Problem details> From the data underneath, reproduce exactly the stretch that begins at the line with "Definition enorm (x" and ends after the line with "Definition meas_wrt (G".

[Stored dataset items]
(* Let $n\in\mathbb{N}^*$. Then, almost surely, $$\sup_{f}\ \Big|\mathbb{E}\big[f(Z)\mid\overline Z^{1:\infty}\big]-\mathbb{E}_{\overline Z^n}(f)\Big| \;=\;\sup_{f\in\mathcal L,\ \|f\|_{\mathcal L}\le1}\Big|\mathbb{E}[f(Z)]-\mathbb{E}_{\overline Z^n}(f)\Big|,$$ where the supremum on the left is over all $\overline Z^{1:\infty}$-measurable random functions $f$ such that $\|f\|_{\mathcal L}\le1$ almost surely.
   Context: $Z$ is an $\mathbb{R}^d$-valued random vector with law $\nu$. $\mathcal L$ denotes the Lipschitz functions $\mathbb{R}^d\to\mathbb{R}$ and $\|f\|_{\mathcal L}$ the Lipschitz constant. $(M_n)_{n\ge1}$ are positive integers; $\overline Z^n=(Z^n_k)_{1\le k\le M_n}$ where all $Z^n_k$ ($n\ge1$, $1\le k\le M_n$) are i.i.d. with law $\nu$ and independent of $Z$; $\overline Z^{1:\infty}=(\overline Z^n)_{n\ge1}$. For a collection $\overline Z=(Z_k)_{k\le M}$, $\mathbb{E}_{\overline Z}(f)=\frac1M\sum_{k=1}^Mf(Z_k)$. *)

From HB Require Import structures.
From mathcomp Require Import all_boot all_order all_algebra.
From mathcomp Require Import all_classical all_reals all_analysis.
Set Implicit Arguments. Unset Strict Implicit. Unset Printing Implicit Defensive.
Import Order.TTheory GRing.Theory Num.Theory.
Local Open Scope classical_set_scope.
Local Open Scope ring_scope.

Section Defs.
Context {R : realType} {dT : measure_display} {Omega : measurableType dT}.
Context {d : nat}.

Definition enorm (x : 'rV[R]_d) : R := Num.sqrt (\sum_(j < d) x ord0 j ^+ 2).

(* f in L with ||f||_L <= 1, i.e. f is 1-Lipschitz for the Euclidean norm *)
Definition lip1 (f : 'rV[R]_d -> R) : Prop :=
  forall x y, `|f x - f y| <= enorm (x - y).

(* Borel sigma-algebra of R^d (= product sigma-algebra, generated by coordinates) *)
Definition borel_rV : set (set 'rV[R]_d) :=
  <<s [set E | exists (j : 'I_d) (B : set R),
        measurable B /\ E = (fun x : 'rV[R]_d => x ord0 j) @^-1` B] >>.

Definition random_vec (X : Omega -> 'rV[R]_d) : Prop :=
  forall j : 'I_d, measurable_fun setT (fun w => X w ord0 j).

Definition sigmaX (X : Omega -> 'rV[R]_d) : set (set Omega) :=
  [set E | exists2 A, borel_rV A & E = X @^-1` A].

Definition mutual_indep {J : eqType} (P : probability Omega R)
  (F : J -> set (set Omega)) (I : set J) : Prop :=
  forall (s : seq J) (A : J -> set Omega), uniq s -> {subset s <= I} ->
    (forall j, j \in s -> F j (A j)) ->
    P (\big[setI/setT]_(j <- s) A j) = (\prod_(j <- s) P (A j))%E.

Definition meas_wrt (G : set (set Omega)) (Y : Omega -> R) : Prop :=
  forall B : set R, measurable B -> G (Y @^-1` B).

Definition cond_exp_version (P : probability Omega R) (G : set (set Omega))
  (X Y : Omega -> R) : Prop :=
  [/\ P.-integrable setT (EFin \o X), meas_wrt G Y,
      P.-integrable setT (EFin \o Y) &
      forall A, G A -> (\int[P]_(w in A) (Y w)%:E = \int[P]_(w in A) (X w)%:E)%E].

Exercise response>
Definition enorm (x : 'rV[R]_d) : R := Num.sqrt (\sum_(j < d) x ord0 j ^+ 2).

(* f in L with ||f||_L <= 1, i.e. f is 1-Lipschitz for the Euclidean norm *)
Definition lip1 (f : 'rV[R]_d -> R) : Prop :=
  forall x y, `|f x - f y| <= enorm (x - y).

(* Borel sigma-algebra of R^d (= product sigma-algebra, generated by coordinates) *)
Definition borel_rV : set (set 'rV[R]_d) :=
  <<s [set E | exists (j : 'I_d) (B : set R),
        measurable B /\ E = (fun x : 'rV[R]_d => x ord0 j) @^-1` B] >>.

Definition random_vec (X : Omega -> 'rV[R]_d) : Prop :=
  forall j : 'I_d, measurable_fun setT (fun w => X w ord0 j).

Definition sigmaX (X : Omega -> 'rV[R]_d) : set (set Omega) :=
  [set E | exists2 A, borel_rV A & E = X @^-1` A].

Definition mutual_indep {J : eqType} (P : probability Omega R)
  (F : J -> set (set Omega)) (I : set J) : Prop :=
  forall (s : seq J) (A : J -> set Omega), uniq s -> {subset s <= I} ->
    (forall j, j \in s -> F j (A j)) ->
    P (\big[setI/setT]_(j <- s) A j) = (\prod_(j <- s) P (A j))%E.

Definition meas_wrt (G : set (set Omega)) (Y : Omega -> R) : Prop :=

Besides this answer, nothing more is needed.